From HB Require Import structures.
From mathcomp Require Import all_boot all_order all_algebra.
From mathcomp Require Import all_classical all_reals all_analysis.
From mathcomp Require Import lra measurable_realfun.
Set Implicit Arguments. Unset Strict Implicit. Unset Printing Implicit Defensive.
Import Order.TTheory GRing.Theory Num.Theory.
Import numFieldNormedType.Exports.
Local Open Scope classical_set_scope.
Local Open Scope ring_scope.
(* Proportionality on the uniform profile forces |X1| = |X2| = 1/2,
   so X1 and X2 cover [0,1] up to a null set, and a density that is constant
   on X1 and on X2 gives a set A the utility k1 |A & X1| + k2 |A & X2|.

   The argument then has two mechanism-specific steps: truthfulness bounds
   agent 1's piece of F^3 by one half (compare with agent 1 reporting the
   uniform density), and proportionality at F^3 yields two linear
   inequalities in the four lengths a, b, c, d.  Together with the obvious
   packing constraints these force a = b = c = d = 1/4 (lemma
   [quarter_shares]). *)
Section PiecewiseConstant.
Variable R : realType.

Lemma dist_seq_gt0 (s : seq R) (x : R) : x \notin s ->
  exists2 d : R, 0 < d & forall b, b \in s -> d <= `|x - b|.
Proof.
elim: s => [|b s IH]; first by move=> _; exists 1 => // b; rewrite in_nil.
rewrite in_cons negb_or => /andP[xb /IH[d d0 Hd]].
exists (Num.min d `|x - b|); first by rewrite lt_min d0 normr_gt0 subr_eq0.
move=> c; rewrite in_cons => /orP[/eqP->|cs]; first by rewrite ge_min lexx orbT.
by rewrite ge_min Hd.
Qed.

Lemma between_dist_le (x y b : R) :
  Num.min x y <= b <= Num.max x y -> `|x - b| <= `|x - y|.
Proof.
case: (lerP x y) => [xy /andP[xb by_]|/ltW yx /andP[yb bx]].
  by rewrite !(distrC x) !ger0_norm ?subr_ge0 // lerD2r.
by rewrite !ger0_norm ?subr_ge0 // lerD2l lerN2.
Qed.

Lemma nbhs_no_breakpoint (s : seq R) (x : R) : x \notin s ->
  exists2 d : R, 0 < d & forall y b, `|x - y| < d -> b \in s ->
    ~ (Num.min x y <= b <= Num.max x y).
Proof.
move=> /dist_seq_gt0[d d0 Hd]; exists d => // y b xy bs /between_dist_le xb.
by have := lt_le_trans (le_lt_trans xb xy) (Hd b bs); rewrite ltxx.
Qed.

Variable f : R -> R.
Variable s : seq R.
Hypothesis f_const : forall x y, unit01 x -> unit01 y ->
  (forall b, b \in s -> ~ (Num.min x y <= b <= Num.max x y)) -> f x = f y.

Let breaks : seq R := 0 :: 1 :: s.

Lemma pc_locally_constant (x : R) : unit01 x -> x \notin breaks ->
  exists2 d : R, 0 < d & forall y, `|x - y| < d ->
    [/\ unit01 y, y \notin breaks & f y = f x].
Proof.
move=> /andP[x0 x1] xb; have [d d0 Hd] := nbhs_no_breakpoint xb.
exists d => // y xy; have nb := Hd y _ xy.
have y01 : unit01 y.
  apply/andP; split.
    rewrite leNgt; apply/negP => y0; apply: (nb 0); first by rewrite in_cons eqxx.
    have y_le_x : y <= x by lra.
    by rewrite (min_r y_le_x) (max_l y_le_x) (ltW y0).
  rewrite leNgt; apply/negP => y1; apply: (nb 1); first by rewrite !in_cons eqxx orbT.
  have x_le_y : x <= y by lra.
  by rewrite (min_l x_le_y) (max_r x_le_y) x1 (ltW y1).
split => //.
  by apply/negP => yb; apply: (nb y yb); rewrite ge_min le_max !lexx !orbT.
apply/esym/f_const => //; first by apply/andP.
by move=> b bs; apply: nb; rewrite !in_cons bs !orbT.
Qed.

(* Hence [f] is Borel on [0,1]: the preimage of a Borel set is an open set
   plus finitely many breakpoints. *)
Lemma pc_measurable_on : measurable_fun (@unit01 R) f.
Proof.
move=> _ B mB.
set U := [set x | unit01 x /\ x \notin breaks /\ B (f x)].
have oU : open U.
  rewrite openE => x [x01 [xb Bx]]; have [d d0 Hd] := pc_locally_constant x01 xb.
  apply/nbhs_ballP; exists d => // y; rewrite -ball_normE /= => /Hd[y01 yb fy].
  by rewrite /U /= fy.
rewrite (_ : @unit01 R `&` f @^-1` B =
    U `|` [set x | x \in breaks /\ unit01 x /\ B (f x)]).
  apply: measurableU; first exact: open_measurable.
  apply: countable_measurable; first by move=> t; exact: measurable_set1.
  apply: finite_set_countable; apply: (@sub_finite_set _ _ [set` breaks]) => //.
  by move=> x [].
apply/seteqP; split=> x /=.
  by move=> [x01 Bx]; case: (boolP (x \in breaks)) => xb; [right | left].
by case=> [[? [_ ?]] | [_ [? ?]]].
Qed.

End PiecewiseConstant.

Lemma pc_measurable (R : realType) (f : R -> R) :
  piecewise_const_pos f -> measurable_fun (@unit01 R) f.
Proof. by move=> [_ [_ [s Hs]]]; exact: pc_measurable_on Hs. Qed.

Lemma pc_ge0 (R : realType) (f : R -> R) :
  piecewise_const_pos f -> forall x, unit01 x -> 0 <= f x.
Proof. by move=> [_ [pos _]] x /pos/ltW. Qed.

Section Lengths.
Variable R : realType.
Local Notation mu := (@lebesgue_measure R).
Local Notation I01 := (@unit01 R).

(* The real-valued length of a set; for subsets of [0,1] it loses nothing. *)
Definition len (A : set R) : R := fine (mu A).

Lemma unit01E : I01 = `[0, 1]%classic.
Proof. by apply/seteqP; split => x; rewrite /unit01 /= in_itv. Qed.

Lemma measurable_unit01 : measurable I01.
Proof. by rewrite unit01E; exact: measurable_itv. Qed.

Lemma mu_unit01 : mu I01 = 1%:E.
Proof. by rewrite unit01E lebesgue_measure_itv /= lte_fin ltr01 -EFinD subr0. Qed.

Lemma len_ge0 (A : set R) : 0 <= len A.
Proof. exact/fine_ge0/measure_ge0. Qed.

Lemma lenE (A : set R) : measurable A -> A `<=` I01 -> mu A = (len A)%:E.
Proof.
move=> mA A01; rewrite /len fineK // ge0_fin_numE ?measure_ge0 //.
rewrite (le_lt_trans _ (ltry 1)) // -mu_unit01 le_measure ?inE //.
exact: measurable_unit01.
Qed.

Lemma len_unit01 : len I01 = 1.
Proof. by rewrite /len mu_unit01. Qed.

○ ○ ○ ○ ○

§ Work item
Would you please copy, word for word, everything above from the line containing "exists2 d : R, 0 < d & forall b, b" down to the line containing "set U := [set", those two lines included?

§ Final answer
  exists2 d : R, 0 < d & forall b, b \in s -> d <= `|x - b|.
Proof.
elim: s => [|b s IH]; first by move=> _; exists 1 => // b; rewrite in_nil.
rewrite in_cons negb_or => /andP[xb /IH[d d0 Hd]].
exists (Num.min d `|x - b|); first by rewrite lt_min d0 normr_gt0 subr_eq0.
move=> c; rewrite in_cons => /orP[/eqP->|cs]; first by rewrite ge_min lexx orbT.
by rewrite ge_min Hd.
Qed.

Lemma between_dist_le (x y b : R) :
  Num.min x y <= b <= Num.max x y -> `|x - b| <= `|x - y|.
Proof.
case: (lerP x y) => [xy /andP[xb by_]|/ltW yx /andP[yb bx]].
  by rewrite !(distrC x) !ger0_norm ?subr_ge0 // lerD2r.
by rewrite !ger0_norm ?subr_ge0 // lerD2l lerN2.
Qed.

Lemma nbhs_no_breakpoint (s : seq R) (x : R) : x \notin s ->
  exists2 d : R, 0 < d & forall y b, `|x - y| < d -> b \in s ->
    ~ (Num.min x y <= b <= Num.max x y).
Proof.
move=> /dist_seq_gt0[d d0 Hd]; exists d => // y b xy bs /between_dist_le xb.
by have := lt_le_trans (le_lt_trans xb xy) (Hd b bs); rewrite ltxx.
Qed.

Variable f : R -> R.
Variable s : seq R.
Hypothesis f_const : forall x y, unit01 x -> unit01 y ->
  (forall b, b \in s -> ~ (Num.min x y <= b <= Num.max x y)) -> f x = f y.

Let breaks : seq R := 0 :: 1 :: s.

Lemma pc_locally_constant (x : R) : unit01 x -> x \notin breaks ->
  exists2 d : R, 0 < d & forall y, `|x - y| < d ->
    [/\ unit01 y, y \notin breaks & f y = f x].
Proof.
move=> /andP[x0 x1] xb; have [d d0 Hd] := nbhs_no_breakpoint xb.
exists d => // y xy; have nb := Hd y _ xy.
have y01 : unit01 y.
  apply/andP; split.
    rewrite leNgt; apply/negP => y0; apply: (nb 0); first by rewrite in_cons eqxx.
    have y_le_x : y <= x by lra.
    by rewrite (min_r y_le_x) (max_l y_le_x) (ltW y0).
  rewrite leNgt; apply/negP => y1; apply: (nb 1); first by rewrite !in_cons eqxx orbT.
  have x_le_y : x <= y by lra.
  by rewrite (min_l x_le_y) (max_r x_le_y) x1 (ltW y1).
split => //.
  by apply/negP => yb; apply: (nb y yb); rewrite ge_min le_max !lexx !orbT.
apply/esym/f_const => //; first by apply/andP.
by move=> b bs; apply: nb; rewrite !in_cons bs !orbT.
Qed.

(* Hence [f] is Borel on [0,1]: the preimage of a Borel set is an open set
   plus finitely many breakpoints. *)
Lemma pc_measurable_on : measurable_fun (@unit01 R) f.
Proof.
move=> _ B mB.
set U := [set x | unit01 x /\ x \notin breaks /\ B (f x)].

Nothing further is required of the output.